WikiLeaks founder Julian Assange will begin his final appeal against extradition from Britain to the United States July 9-10, a judicial spokesperson said Tuesday.
London’s High Court granted Assange permission to appeal the extradition last month.
The Australian-born Assange, 52, has been held in high-security Belmarsh prison since 2019.
If he loses this appeal, Assange — who is accused by the U.S. of exposing sensitive secrets that endangered the lives of American operatives but who has become a figurehead for free speech advocates — could be swiftly extradited to the U.S.
He is wanted by the U.S. government on 18 charges, almost all under the 1917 Espionage Act, for publishing hundreds of thousands of secret U.S. documents from 2010 about the wars in Iraq and Afghanistan. The U.S. called the security breaches the largest of their kind in U.S. military history.

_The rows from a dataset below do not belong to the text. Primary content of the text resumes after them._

Definition und : rel V := fun x y => a x y || a y x.

(* undirected tree: connected and without (simple) cycles; in a simple
   undirected graph every cycle has at least 3 vertices *)
Definition und_connected : Prop := forall x y, connect und x y.
Definition und_acyclic : Prop := forall c : seq V, ucycle und c -> size c <= 2.
Definition ditree : Prop := [/\ loopless, und_connected & und_acyclic].

Definition leaf (x : V) : bool := #|[set y | und x y]| == 1.
Definition source (x : V) : bool := [forall y, ~~ a y x].
Definition sink (x : V) : bool := [forall y, ~~ a x y].

Definition scc (x : V) : {set V} := [set y | connect a x y && connect a y x].

Definition source_set (S : {set V}) : Prop :=
  (exists x, S = scc x) /\ (forall u v, v \in S -> a u v -> u \in S).
Definition sink_set (S : {set V}) : Prop :=
  (exists x, S = scc x) /\ (forall u v, u \in S -> a u v -> v \in S).

(* directed walks from u: path a u p, ending at last u p, of length size p *)
Definition shortest_path (u v : V) (p : seq V) : Prop :=
  [/\ path a u p, last u p = v &
      forall q, path a u q -> last u q = v -> size p <= size q].

Definition interval (u v w : V) : Prop :=
  exists p, shortest_path u v p /\ w \in u :: p.

Definition geodetic (S : {set V}) : Prop :=
  forall w, exists u v, [/\ u \in S, v \in S & (interval u v w \/ interval v u w)].

End Digraphs.

From mathcomp Require Import all_boot.
Set Implicit Arguments. Unset Strict Implicit. Unset Printing Implicit Defensive.

(* Minimality: a sink can only end a shortest path and a source can only start
   one, while a leaf cannot be interior to one, as its two neighbours on the
   path would coincide and the path could be shortcut.

   Geodeticity: let w be neither a sink, a source nor a leaf, and call the
   component of T - w containing a neighbour z of w the branch of z. Among the
   ancestors of any vertex there is an initial strong component; it is a source
   set, hence contains a source or a leaf.  Applied to w (and dually to the
   converse digraph) this yields a branch from which such a vertex u reaches w
   and a branch into which w reaches such a vertex v.  If these branches differ,
   every u-v walk passes through w, in particular a shortest one.  Otherwise,
   as w is not a leaf, it suffices that in every branch some such vertex
   reaches w or is reached from w.  Say z -> w.  Inside the branch of z, the
   initial strong component above z is either a source set of T, whose source
   or leaf then reaches w through z, or it is entered from outside, necessarily
   along w -> z, so that z itself lies in an initial strong component of the
   branch.  If this happens both in T and in its converse, the branch is
   strongly connected with arcs both ways to w, and any leaf in it reaches w. *)

Section Digraph.
Variables (V : finType) (a : rel V).

Definition extremal : {set V} := [set x | [|| sink a x, source a x | leaf a x]].

Definition initial (c : V) : Prop := forall y, connect a y c -> connect a c y.

Definition within (Z : {set V}) : rel V := [rel x y | [&& a x y, x \in Z & y \in Z]].

Definition avoid (w : V) : rel V := [rel x y | [&& und a x y, x != w & y != w]].

Definition branch (w z : V) : {set V} := [set t | connect (avoid w) z t].

Definition branch_reaches (w z : V) : Prop :=
  exists u, [/\ u \in extremal, u \in branch w z & connect a u w].

Definition branch_reached (w z : V) : Prop :=
  exists u, [/\ u \in extremal, u \in branch w z & connect a w u].

Lemma connect_forward_closed (e : rel V) (P : pred V) x y :
  (forall u v, P u -> e u v -> P v) -> connect e x y -> P x -> P y.
Proof.
move=> Pe /connectP[p pP ->]; elim: p x pP => [|z p IHp] x //= /andP[exz pP] Px.
exact: IHp pP (Pe _ _ Px exz).
Qed.

Lemma exists_initial_ancestor x : exists2 c, connect a c x & initial c.
Proof.
pose anc c := [set y | connect a y c].
have ancx : [pred c | connect a c x] x by apply: connect0.
case: (arg_minnP (fun c => #|anc c|) ancx) => c /= cx cmin.
exists c => // y yc.
have sub : anc y \subset anc c.
  by apply/subsetP => t; rewrite !inE => /connect_trans; apply.
have /eqP ancE : anc y == anc c by rewrite eqEcard sub cmin //= (connect_trans yc cx).
have : c \in anc c by rewrite inE connect0.
by rewrite -ancE inE.
Qed.

Lemma shortest_path_exists u v : connect a u v -> exists p, shortest_path a u v p.
Proof.
move/connectP=> [p0 p0P ->].
pose walk n := [exists q : n.-tuple V, path a u q && (last u q == last u p0)].
have walk_p0 : exists n, walk n.
  by exists (size p0); apply/existsP; exists (in_tuple p0); rewrite p0P eqxx.
case: (ex_minnP walk_p0) => n /existsP[q /andP[qP /eqP ql]] nmin.
exists q; split => // q' q'P q'l; rewrite size_tuple; apply: nmin.
by apply/existsP; exists (in_tuple q'); rewrite q'P q'l eqxx.
Qed.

Assange’s lawyer, Edward Fitzgerald, has accepted U.S. assurances that Assange would not face the death penalty, but in written submissions to the High Court, he asked to know if his client could use the First Amendment of the U.S. Constitution at trial, which protects freedom of speech and freedom of the press.
But James Lewis, an attorney representing the U.S., told the court that the amendment does not apply to anyone “in relation to publication of illegally obtained national defense information giving the names of innocent sources to their grave and imminent risk of harm.”
Assange spent nearly seven years living in Ecuador’s embassy in London before his hosts withdrew his asylum status in 2019. London police immediately arrested Assange at the Ecuadorian embassy for breaching bail conditions on unrelated charges, as well as on behalf of U.S. authorities.